A recent style award function rounded up some of the best-dressed folks from across the entertainment and fashion industries — in their sartorial best of course. Interestingly though, a few female guests like Radhika Apte and Surveen Chawla turned up wearing three-piece suits while Ranveer Singh, the ever-experimental actor, donned a half-skirt, half-trouser ensemble. He’s not alone however. A growing number of men and style icons are picking up styles and prints that would be traditionally feminine.

While some attribute this blurring of the lines between male and female fashions to the West and some to a revival of eastern traditions, most fashionistas seem to be in agreement that experimentation and expanding gender boundaries is definitely a positive trend.

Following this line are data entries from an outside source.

Lemma corner_basisT i j k : CE (TMul (TMul (TV w) (BT i j k)) (TV w)) (BT i j k).
Proof.
rewrite /basisT -ceq_mulA -(ceq_mulA _ (CS j)) cstarpow_vertex.
by rewrite !(ceq_mulA (TV w)) vertex_cpow; reflexivity.
Qed.

Lemma corner_combT t1 t2 l :
  CE (TMul (TMul (TV w) (combT w e n t1 t2 l)) (TV w)) (combT w e n t1 t2 l).
Proof.
rewrite combT_comb3; apply: span_fixed_sandwich; apply: span_comb3 => i j k.
exact: corner_basisT.
Qed.

End CycleWithoutExits.

Theorem mainTheorem1 (K : fieldType) (V Ed : Type) (s r : Ed -> V)
  (X : V -> Prop) (HX : forall v, X v -> regular s v)
  (w : V) (n : nat) (e : nat -> Ed)
  (Hc : is_cycle s r w n e) (Hne : no_exit s n e) :
  let Y := fun v => regular s v /\ ~ X v in
  let inI := fun k => k = 0%N \/ ((1 <= k)%N /\ (k < n)%N /\ Y (s (e k))) in
  (forall x : term K V Ed,
     exists t1 t2 (l : nat -> nat -> nat -> K),
       (forall i j k, ~ inI k -> l i j k = 0%R) /\
       ceq s r X (TMul (TMul (TV w) x) (TV w)) (combT w e n t1 t2 l)) /\
  (forall t1 t2 (l : nat -> nat -> nat -> K),
     (forall i j k, ~ inI k -> l i j k = 0%R) ->
     exists x : term K V Ed,
       ceq s r X (TMul (TMul (TV w) x) (TV w)) (combT w e n t1 t2 l)).
Proof.
move=> Y inI; split=> [x | t1 t2 l _].
  have [t1 [t2 [l [l0 Ex]]]] := span_I_comb3 Hc (span_corner_I X Hc Hne x).
  by exists t1, t2, l; split; [exact: l0 | rewrite Ex combT_comb3; reflexivity].
by exists (combT w e n t1 t2 l); apply: corner_combT.
Qed.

Godrej Culture Lab director Parmesh Shahani says that fashion has always pushed the boundaries of creativity. “Gender and sex are two different things. Gender is the performance of social behaviour or gender codes. It is great that we are expanding gender boundaries, as times change. The youth of India are very individualistic in their fashion sense and while experimenting, they often push gender codes,” he says.

Fashion designer Narendra Kumar agrees that the trend towards androgynous fashion shows a bending of gender roles and says that fashion has become an independent statement of self. “Men don’t need any validation for their fashion sense these days. This speaks a lot about how independent their minds are. Men are making statements but at the same time, they are being comfortable with themselves. The man’s ego is softening. It doesn’t require a manly fashion sense to feed it,” he says.

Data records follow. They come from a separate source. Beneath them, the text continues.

(* Let $G=(V,E)$ be a graph with $n$ vertices and integer edge weights $w\colon E\to\{1,\dots,W\}$, let $\beta\in(0,1]$, and run the clustering defined in the context with $p=\beta/4$ and $r=\left\lceil \frac{1}{p}\ln\!\left(\frac{n^2}{p}\right)+\frac{1}{4p}\right\rceil$. Then for every edge $(u,v)\in E$, the probability that $u$ and $v$ belong to different clusters (i.e., $c_u\neq c_v$) is at most $4p\cdot w(u,v)$.
   Context: Setting (the clustering): $G=(V,E)$ has integer edge weights, $d_G$ is the weighted shortest-path distance, and each vertex has a distinct identifier $\mathrm{ID}(v)$. For $p\in(0,1)$, $r\in\mathbb{N}$, let $\mathrm{GeomCap}(p,r)$ be the distribution on $\{0,\dots,r\}$ with $\Pr[=i]=p(1-p)^i$ for $0\leq i\leq r-1$ and $\Pr[=r]=(1-p)^r$. Each vertex $v$ independently samples $\delta_v\sim\mathrm{GeomCap}(p,r)$. For $u,x\in V$ define $d^{(u)}(s,x):=r-\delta_u+d_G(u,x)$ and $d_{G'}(s,x):=\min_{u\in V} d^{(u)}(s,x)$. The cluster center $c_x$ of $x$ is the vertex $u$ with smallest $\mathrm{ID}$ among those with $d^{(u)}(s,x)=d_{G'}(s,x)$; the cluster of a center $c$ is $\{x\in V: c_x=c\}$. *)

From HB Require Import structures.
From mathcomp Require Import all_boot all_order all_algebra.
From mathcomp Require Import boolp reals exp.
Set Implicit Arguments. Unset Strict Implicit. Unset Printing Implicit Defensive.
Import Order.TTheory GRing.Theory Num.Theory.

Section Clustering.
Variables (V : finType) (E : rel V) (w : V -> V -> nat).

Fixpoint walkw (x : V) (p : seq V) : nat :=
  if p is y :: p' then w x y + walkw y p' else 0.

Definition walk_weight_pred (u x : V) : pred nat :=
  fun n => `[< exists p : seq V, [/\ path E u p, last u p = x & walkw u p = n] >].

(* weighted shortest-path distance d_G(u,x); None = +infinity (no walk) *)
Definition dG (u x : V) : option nat :=
  match pselect (exists n, walk_weight_pred u x n) with
  | left H => Some (ex_minn H)
  | right _ => None
  end.

Variable r : nat.
Variable delta : {ffun V -> 'I_r.+1}.

Definition dU (u x : V) : option nat :=
  omap (fun d => r - delta u + d) (dG u x).

Definition omin (a b : option nat) : option nat :=
  match a, b with
  | Some x, Some y => Some (minn x y)
  | Some x, None => Some x
  | None, b => b
  end.

Definition dGp (x : V) : option nat := \big[omin/None]_(u : V) dU u x.

Variable ID : V -> nat.

Definition center (x : V) : V :=
  [arg min_(u < x | dU u x == dGp x) ID u].

End Clustering.

Definition geomcap (R : realType) (p : R) (r : nat) (i : 'I_r.+1) : R :=
  (if (i < r)%N then p * (1 - p) ^+ i else (1 - p) ^+ r)%R.

Definition prob_delta (R : realType) (V : finType) (p : R) (r : nat)
  (delta : {ffun V -> 'I_r.+1}) : R :=
  (\prod_(v : V) geomcap p (delta v))%R.

Definition rpar (R : realType) (p : R) (n : nat) : nat :=
  `|Num.ceil (p^-1 * ln ((n ^ 2)%:R / p) + (4 * p)^-1)%R|%N.

From Pilot Require Import Defs.
From mathcomp Require Import all_boot all_order all_algebra.
From mathcomp Require Import boolp reals sequences exp.
From mathcomp Require Import zify ring lra.
Import Order.TTheory GRing.Theory Num.Theory.
Set Implicit Arguments. Unset Strict Implicit. Unset Printing Implicit Defensive.

(* Fix an edge uv and a vertex z, and resample only delta_z = i, keeping the
   other shifts.  The event "z is the center of u" is then an up-set
   {i >= a}, of probability (1-p)^a.  If moreover the center y of v differs
   from z, comparing d^(z) and d^(y) across the edge in both directions gives
   i <= a + 2 w(u,v).  So, apart from the capped value i = r, the event
   "c_u = z <> c_v" lies in a window of 2 w(u,v) + 1 values of mass at most
   p (1-p)^a each, and has probability at most
   (2 w(u,v) + 1) p Pr[c_u = z] + (1-p)^r.  Summing over z bounds
   Pr[c_u <> c_v] by (2 w(u,v) + 1) p + n (1-p)^r, and the choice of r makes
   n (1-p)^r <= p <= w(u,v) p. *)

Section ShortestPaths.
Variables (V : finType) (E : rel V) (w : V -> V -> nat).

Lemma walkw_rcons x p y : walkw w x (rcons p y) = walkw w x p + w (last x p) y.
Proof. by elim: p x => [|z p IH] x /=; rewrite ?addn0 ?IH ?addnA. Qed.

Lemma dG_refl a : dG E w a a = Some 0.
Proof.
have nil_walk : walk_weight_pred E w a a 0 by apply/asboolP; exists [::].
rewrite /dG; case: pselect => [ex|]; last by case; exists 0.
by case: ex_minnP => m _ /(_ 0 nil_walk); rewrite leqn0 => /eqP ->.
Qed.

Lemma dG_walk a b d : dG E w a b = Some d ->
  exists p, [/\ path E a p, last a p = b & walkw w a p = d].
Proof. by rewrite /dG; case: pselect => // ex [<-]; case: ex_minnP => m /asboolP. Qed.

Lemma dG_le_walkw a p : path E a p ->
  exists2 d, dG E w a (last a p) = Some d & d <= walkw w a p.
Proof.
move=> Ep; have pw : walk_weight_pred E w a (last a p) (walkw w a p).
  by apply/asboolP; exists p.
rewrite /dG; case: pselect => [ex|]; last by case; exists (walkw w a p).
by exists (ex_minn ex) => //; case: ex_minnP => m _; apply.
Qed.

Lemma dG_edge a b c d : dG E w a b = Some d -> E b c ->
  exists2 d', dG E w a c = Some d' & d' <= d + w b c.
Proof.
move=> /dG_walk [p [Ep <- <-]] Ebc.
have Epc : path E a (rcons p c) by rewrite rcons_path Ep.
by have [d'] := dG_le_walkw Epc; rewrite last_rcons walkw_rcons; exists d'.
Qed.

End ShortestPaths.

Lemma big_omin_le (I : eqType) (s : seq I) (f : I -> option nat) i d :
  i \in s -> f i = Some d ->
  exists2 m, \big[omin/None]_(j <- s) f j = Some m & m <= d.
Proof.
elim: s => // x s IH; rewrite inE big_cons => /predU1P[-> ->|/IH fi /fi [m ->]].
  case: (\big[omin/None]_(j <- s) f j) => [b|]; last by exists d.
  by exists (minn d b); rewrite ?geq_minl.
by case: (f x) => [a|] le; [exists (minn a m); rewrite // geq_min le orbT | exists m].
Qed.

Lemma big_omin_attained (I : Type) (s : seq I) (f : I -> option nat) m :
  \big[omin/None]_(j <- s) f j = Some m -> exists i, f i = Some m.
Proof.
elim: s => [|x s IH]; rewrite ?big_nil ?big_cons //.
case fx: (f x) => [a|]; case: (\big[omin/None]_(j <- s) f j) IH => [b|] //= IH.
  by rewrite /minn; case: ltnP => _ //; case=> <-; exists x.
by case=> <-; exists x.
Qed.

Lemma arg_min_seed (I : finType) (i0 j : I) (P : pred I) (F : I -> nat) :
  P j -> [arg min_(i < i0 | P i) F i] = [arg min_(i < j | P i) F i].
Proof.
move=> Pj; have := arg_minnP F Pj; rewrite /arg_min /extremum.
case: pickP => [//|noP] /= [i Pi minF]; move: (noP i) => /=; rewrite Pi /=.
by move/negbT; rewrite negb_forall => /existsP [k]; rewrite negb_imply => /andP [/minF ->].
Qed.

Section Centers.
Variables (V : finType) (E : rel V) (w : V -> V -> nat) (r : nat)
  (delta : {ffun V -> 'I_r.+1}) (ID : V -> nat).

Local Notation dU := (dU E w delta).
Local Notation dGp := (dGp E w delta).
Local Notation center := (center E w delta ID).

Lemma dU_refl x : dU x x = Some (r - delta x).
Proof. by rewrite /dU dG_refl /= addn0. Qed.

Lemma dGp_le y x m : dU y x = Some m -> exists2 m', dGp x = Some m' & m' <= m.
Proof. exact: big_omin_le (mem_index_enum y). Qed.

Lemma dGp_attained x m : dGp x = Some m -> exists y, dU y x = Some m.
Proof. exact: big_omin_attained. Qed.

Lemma center_argmin x :
  dU (center x) x = dGp x /\ forall y, dU y x = dGp x -> ID (center x) <= ID y.
Proof.
have [m dGpx _] := dGp_le (dU_refl x).
have [y dUy] := dGp_attained dGpx.
have Py : dU y x == dGp x by rewrite dUy dGpx.
rewrite /Defs.center (arg_min_seed x ID Py).
by case: arg_minnP => // c /eqP -> minc; split => // z /eqP /minc.
Qed.

Definition is_center (z x : V) := exists m, dU z x = Some m /\
  forall y m', dU y x = Some m' -> m <= m' /\ (m' = m -> ID z <= ID y).

Lemma center_is_center x : is_center (center x) x.
Proof.
have [dUc minID] := center_argmin x.
have [m dGpx _] := dGp_le (dU_refl x).
exists m; split; first by rewrite dUc.
move=> y m' dUy; have [m'' dGpx' le] := dGp_le dUy.
move: dGpx' le; rewrite dGpx => -[<-] le; split => // eqm.
by apply: minID; rewrite dUy dGpx eqm.
Qed.

Lemma is_center_center z x : injective ID -> is_center z x -> center x = z.
Proof.
move=> injID [m [dUz minz]].
have [m' dGpx le] := dGp_le dUz.
have [y dUy] := dGp_attained dGpx.
have {le} em : m' = m by apply/eqP; rewrite eqn_leq le (minz y m' dUy).1.
have [dUc minID] := center_argmin x.
have l1 : ID (center x) <= ID z by apply: minID; rewrite dUz dGpx em.
rewrite dGpx em in dUc; have [_ l2] := minz _ _ dUc.
by apply: injID; apply/eqP; rewrite eqn_leq l1 l2.
Qed.

End Centers.

Definition upd (V : finType) (T : Type) (f : {ffun V -> T}) (z : V) (t : T) :
  {ffun V -> T} := [ffun y => if y == z then t else f y].

Lemma upd_eq (V : finType) T (f : {ffun V -> T}) z t : upd f z t z = t.
Proof. by rewrite ffunE eqxx. Qed.

Lemma upd_neq (V : finType) T (f : {ffun V -> T}) z t y :
  y != z -> upd f z t y = f y.
Proof. by rewrite ffunE => /negbTE ->. Qed.

Lemma upd_upd (V : finType) T (f : {ffun V -> T}) z s t :
  upd (upd f z s) z t = upd f z t.
Proof. by apply/ffunP => y; rewrite !ffunE; case: eqP. Qed.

Bollywood diva Neha Dhupia also doffs her hat to Ranveer Singh’s daring fashion statement. “Ranveer Singh wearing or not wearing something fashionable doesn’t matter, I will stare at him anyway; he’s so handsome. I love how daring he is,” she says with a laugh.

Tracing the trend back a year, Priya says that it began in Berkeley, Los Angeles and New York. “The trend goes back to women empowerment movement, which is very much a part of US culture. H&M was one of the first brands that came up with an androgynous line, which both men and women can wear. We also have clothes like boyfriend jeans and dungarees, which is worn by people of both genders. Now this trend has come to India,” she says, adding that she herself often wears suits or pairs her husband’s shirts and sweatshirts with trousers and sweatpants. “It makes for a funky, different style that I really like.”

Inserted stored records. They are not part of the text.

(* Let $\nu\ge 0$ and $K>\nu+1$, and let $\Psi_\nu(x)=I_{\nu+1}(x)/I_\nu(x)$ for $x>0$. Then the equation $$r-\Psi_\nu(2Kr)=0$$ has a positive real solution $r$.
   Context: $I_\nu$ denotes the modified Bessel function of the first kind of order $\nu$. *)

From Stdlib Require Import Reals Arith Factorial.
From Coquelicot Require Import Coquelicot.
Open Scope R_scope.

Definition Gamma (s : R) : R :=
  RInt_gen (fun t => Rpower t (s - 1) * exp (- t)) (at_right 0) (Rbar_locally p_infty).

Definition BesselI (nu x : R) : R :=
  Series (fun k : nat => Rpower (x / 2) (2 * INR k + nu) / (INR (fact k) * Gamma (INR k + nu + 1))).

Definition Psi (nu x : R) : R := BesselI (nu + 1) x / BesselI nu x.

From Stdlib Require Import Reals Factorial Lra Psatz Classical.
From Coquelicot Require Import Coquelicot.
Open Scope R_scope.

(* Writing [I_mu(x) = (x/2)^mu S_mu((x/2)^2)] with the entire series
   [S_mu(y) = sum_k y^k / (k! Gamma(k + mu + 1))], and [t = K r], the equation
   [r = Psi_nu(2 K r)] becomes [S_nu(t^2) = K S_(nu+1)(t^2)].  The continuous
   function [g = S_nu - K S_(nu+1)] satisfies [g(0) = (1 - K/(nu+1)) / Gamma(nu+1) < 0]
   and [g(K^2) > 0], the latter because [t S_(nu+1)(t^2) < S_nu(t^2)] (that is,
   [Psi_nu < 1]) follows termwise from AM-GM and [Gamma(s+1) = s Gamma(s)].
   The intermediate value theorem then gives a zero [t^2] of [g]. *)

Lemma exp_le_compat x y : x <= y -> exp x <= exp y.
Proof.
intros [Hlt | ->]; [apply Rlt_le, exp_increasing, Hlt | apply Rle_refl].
Qed.

Lemma Series_ge_0 (a : nat -> R) : (forall n, 0 <= a n) -> ex_series a -> 0 <= Series a.
Proof.
intros Ha Hex; rewrite <- (Rmult_0_l (Series a)), <- Series_scal_l.
apply Series_le; [intros n; rewrite Rmult_0_l; split; [lra | apply Ha] | exact Hex].
Qed.

Lemma filterlim_squeeze_0 {T : Type} {F : (T -> Prop) -> Prop} {FF : Filter F}
  (f g : T -> R) : F (fun x => 0 <= f x <= g x) -> filterlim g F (locally 0) ->
  filterlim f F (locally 0).
Proof.
intros Hfg Hg; apply filterlim_locally; intros eps.
apply (filterlim_locally g 0) with (eps := eps) in Hg.
generalize (filter_and _ _ Hfg Hg); apply filter_imp; intros x [Hb Hx].
change (Rabs (g x - 0) < eps) in Hx; change (Rabs (f x - 0) < eps).
rewrite Rminus_0_r, Rabs_right in * by lra; lra.
Qed.

Lemma filter_prod_pos_segment (P : R -> Prop) : (forall x, 0 < x -> P x) ->
  filter_prod (at_right 0) (Rbar_locally p_infty)
    (fun ab => forall x, Rmin (fst ab) (snd ab) <= x <= Rmax (fst ab) (snd ab) -> P x).
Proof.
intros HP; apply (Filter_prod _ _ _ (fun a => 0 < a) (fun b => 0 < b)).
- exists (mkposreal 1 Rlt_0_1); intros y _ Hy; exact Hy.
- exists 0; auto.
- intros a b Ha Hb x Hx; apply HP; simpl in Hx.
  assert (0 < Rmin a b) by (apply Rmin_glb_lt; lra); lra.
Qed.

(* [L] is the supremum of the segment integrals, which exists by completeness. *)
Lemma is_RInt_gen_nonneg_bounded (f : R -> R) (M : R) :
  (forall t, 0 < t -> continuous f t) -> (forall t, 0 < t -> 0 <= f t) ->
  (forall a b, 0 < a <= b -> RInt f a b <= M) ->
  exists L, is_RInt_gen f (at_right 0) (Rbar_locally p_infty) L /\
            forall a b, 0 < a <= b -> RInt f a b <= L.
Proof.
intros Hc Hp HM.
assert (Hex : forall a b, 0 < a -> 0 < b -> ex_RInt f a b).
{ intros a b Ha Hb; apply (ex_RInt_continuous (V := R_CompleteNormedModule)).
  intros z Hz; apply Hc; assert (0 < Rmin a b) by (apply Rmin_glb_lt; lra); lra. }
assert (Hmono : forall a0 b0 a b, 0 < a <= a0 -> a0 <= b0 <= b -> RInt f a0 b0 <= RInt f a b).
{ intros a0 b0 a b Ha Hb.
  rewrite <- (RInt_Chasles f a a0 b), <- (RInt_Chasles f a0 b0 b) by (apply Hex; lra).
  assert (0 <= RInt f a a0) by (apply RInt_ge_0; [lra | apply Hex; lra | intros; apply Hp; lra]).
  assert (0 <= RInt f b0 b) by (apply RInt_ge_0; [lra | apply Hex; lra | intros; apply Hp; lra]).
  change plus with Rplus; lra. }
set (E := fun v => exists a b, 0 < a <= b /\ v = RInt f a b).
assert (HE : exists v, E v) by (exists (RInt f 1 2), 1, 2; split; [lra | reflexivity]).
destruct (completeness E) as [L [HLub HLleast]].
{ exists M; intros v (a & b & Hab & ->); auto. }
{ exact HE. }
assert (HL : forall a b, 0 < a <= b -> RInt f a b <= L).
{ intros a b Hab; apply HLub; exists a, b; auto. }
exists L; split; [| exact HL].
intros P [eps HP].
assert (Hclose : exists a0 b0, 0 < a0 <= b0 /\ L - eps < RInt f a0 b0).
{ apply NNPP; intros Hn.
  assert (L <= L - eps); [| destruct eps; simpl in *; lra].
  apply HLleast; intros v (a & b & Hab & ->); apply Rnot_lt_le; intros Hlt.
  apply Hn; exists a, b; auto. }
destruct Hclose as (a0 & b0 & [Ha0 Hab0] & Hlt).
apply (Filter_prod _ _ _ (fun a => 0 < a <= a0) (fun b => b0 <= b)).
- exists (mkposreal a0 Ha0); intros y Hy Hy0; change (Rabs (y - 0) < a0) in Hy.
  apply Rabs_lt_between in Hy; lra.
- exists b0; intros; lra.
- intros a b Ha Hb; exists (RInt f a b); split.
  + apply (RInt_correct (V := R_CompleteNormedModule)), Hex; lra.
  + apply HP; change (Rabs (RInt f a b - L) < eps); apply Rabs_lt_between.
    assert (RInt f a b <= L) by (apply HL; lra).
    assert (RInt f a0 b0 <= RInt f a b) by (apply Hmono; lra).
    lra.
Qed.

Definition Gamma_integrand (s t : R) : R := Rpower t (s - 1) * exp (- t).

Lemma continuous_Gamma_integrand s t : 0 < t -> continuous (Gamma_integrand s) t.
Proof.
intros Ht; apply (ex_derive_continuous (K := R_AbsRing) (V := R_NormedModule)).
unfold Gamma_integrand, Rpower; auto_derive; lra.
Qed.

Lemma Gamma_integrand_pos s t : 0 < Gamma_integrand s t.
Proof. apply Rmult_lt_0_compat; apply exp_pos. Qed.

Parmesh, however, traces androgynous fashions not to foreign shores, but to our own culture. “We traditionally have an androgynous sense of fashion. Look at lungis or sarongs for instance, or the kind of heavy jewellery that the kings of medieval India used to wear. I think that we are harkening back to those times and it is great that this trend is not just bound to gay men. Straight men are now being playful with their fashion sense and I think that the results are beautiful,” he adds.

Priya’s love for this trend is obvious both as a fashion designer and a fashion forward dresser. “People in creative fields are always exploring who we are, and this often finds an expression through fashion. I really hope that this trend is here to stay,” she signs off.